Why does using spread synax(...) not honor type-safety for an expected return type in typescript

Question

I've got a function which is expected to return an object with specific keys. In my case, I only want to add the keys conditionally, so I am using spread syntax to help with that.

However, when I use spread syntax, I can add any old key to the object. I would expect the TS compiler to be able to tell that this will add a property that shouldn't be allowed.

Is this a misunderstanding on my part of how things should work? A bug in TS compiler?
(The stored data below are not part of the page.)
(* Let $\bm{\mu}\in X^{\mathcal{L}(\mathcal{T})}$ satisfy (i) $V_{s_0}(\bm{\mu})\neq\theta$ and (ii) the maximizer $\bm{w}\in\Delta$ of $\inf_{\bm{\lambda}\in\mathrm{Alt}(\bm{\mu})}\sum_\ell w_\ell d(\mu_\ell,\lambda_\ell)$ is unique. Then for every $\epsilon>0$ there exists $\xi>0$ such that for all $\bm{\mu}'\in X^{\mathcal{L}(\mathcal{T})}$ with $\mu'_\ell\in[\mu_\ell-\xi,\mu_\ell+\xi]$ for every $\ell\in\mathcal{L}(\mathcal{T})$, \[\max_{\ell\in\mathcal{L}(\mathcal{T})}|w^{s_0}_\ell(\bm{\mu}')-w^{s_0}_\ell(\bm{\mu})|<\epsilon.\]
   Context: $\mathcal{T}$: finite rooted tree, node set $S$, root $s_0$, children $\mathcal{C}(s)$, leaves $\mathcal{L}(\mathcal{T})$, $\mathcal{D}(s)$ leaves descending from $s$; internal labels $L(s)\in\{\text{MAX},\text{MIN}\}$. $X\subseteq\mathbb{R}$ mean-parameter set of a one-parameter exponential family, $d(x,y)$ KL divergence between members with means $x,y$, threshold $\theta\in X$. $V_s(\bm{\lambda})=\lambda_s$ at leaves, max/min of children's values at MAX/MIN nodes; $a_s=$'win' iff $V_s\ge\theta$. $\Delta$ simplex over leaves; $\mathrm{Alt}(\bm{\mu})=\{\bm{\lambda}\in X^{\mathcal{L}(\mathcal{T})}:a_{s_0}(\bm{\lambda})\neq a_{s_0}(\bm{\mu})\}$. For any mean vector $\bm{\nu}$ (applied to both $\bm{\mu}$ and $\bm{\mu}'$), recursive weights: $a^*=a_{s_0}(\bm{\nu})$; $P=$MAX, $Q=$MIN if $a^*=$'win', swapped if 'lose'. Leaf $s$: $w^s_s=1$, $d_s=d(\nu_s,\theta)$ if ($a^*=$'win', $\nu_s\ge\theta$) or ($a^*=$'lose', $\nu_s<\theta$), else $0$. $L(s)=P$: $d_s=\max_c d_c$, $c^*(s)\in\arg\max_c d_c$, if $d_s>0$: $w^s=w^{c^*(s)}$ on $\mathcal{D}(c^*(s))$, $0$ elsewhere. $L(s)=Q$, all $d_c>0$: $d_s=(\sum_c1/d_c)^{-1}$, $w^s_\ell=\frac{w^c_\ell/d_c}{\sum_{c'}1/d_{c'}}$ on $\mathcal{D}(c)$. $L(s)=Q$ otherwise: $d_s=0$. Internal $s$ with $d_s=0$: $\bm{w}^s$ arbitrary probability vector on $\mathcal{D}(s)$. (These recursive values solve $\max_{\bm{w}}\inf_{\bm{\lambda}\in\mathrm{Alt}}\sum_\ell w_\ell d(\nu_\ell,\lambda_\ell)$.) *)

From HB Require Import structures.
From mathcomp Require Import all_boot all_order all_algebra.
From mathcomp Require Import all_classical all_reals.
From mathcomp Require Import topology normedtype derive.
Set Implicit Arguments. Unset Strict Implicit. Unset Printing Implicit Defensive.
Import Order.TTheory GRing.Theory Num.Theory.
Import numFieldNormedType.Exports.
Local Open Scope classical_set_scope.
Local Open Scope ring_scope.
A mistake in my code?

Removing the spread syntax around the wut property brings back the red squigglies I would expect to have there.

TS-playground link

type Value = 'foo'| 'bar'| 'baz';

const getValues = (): Partial<Record<Value, string>> => {
    return {
        foo: 'someFoo',
        baz: 'someBaz',
        ...({wut: 'somewut'})
    }
}

Answer 1

Thanks all for the helpful comments, and apologies for the terminology mixup on my part re: destructuring/spread.

It looks like my options are to either forgo the type-safety and leave my code how it is, or add my properties directly within if statements to gate behind some conditional logic if I want to keep the type safety.

type Value = 'foo'| 'bar'| 'baz';

const getValues = (): Partial<Record<Value, string>> => {
    const result: Partial<Record<Value, string>> = {}
    if (true) { // assume something meaningful within the if()
        result.foo = 'someFoo'
    }
    if (true) { // assume something meaningful within the if()
        result.bar = 'someFoo'
    }
    
    return result;
}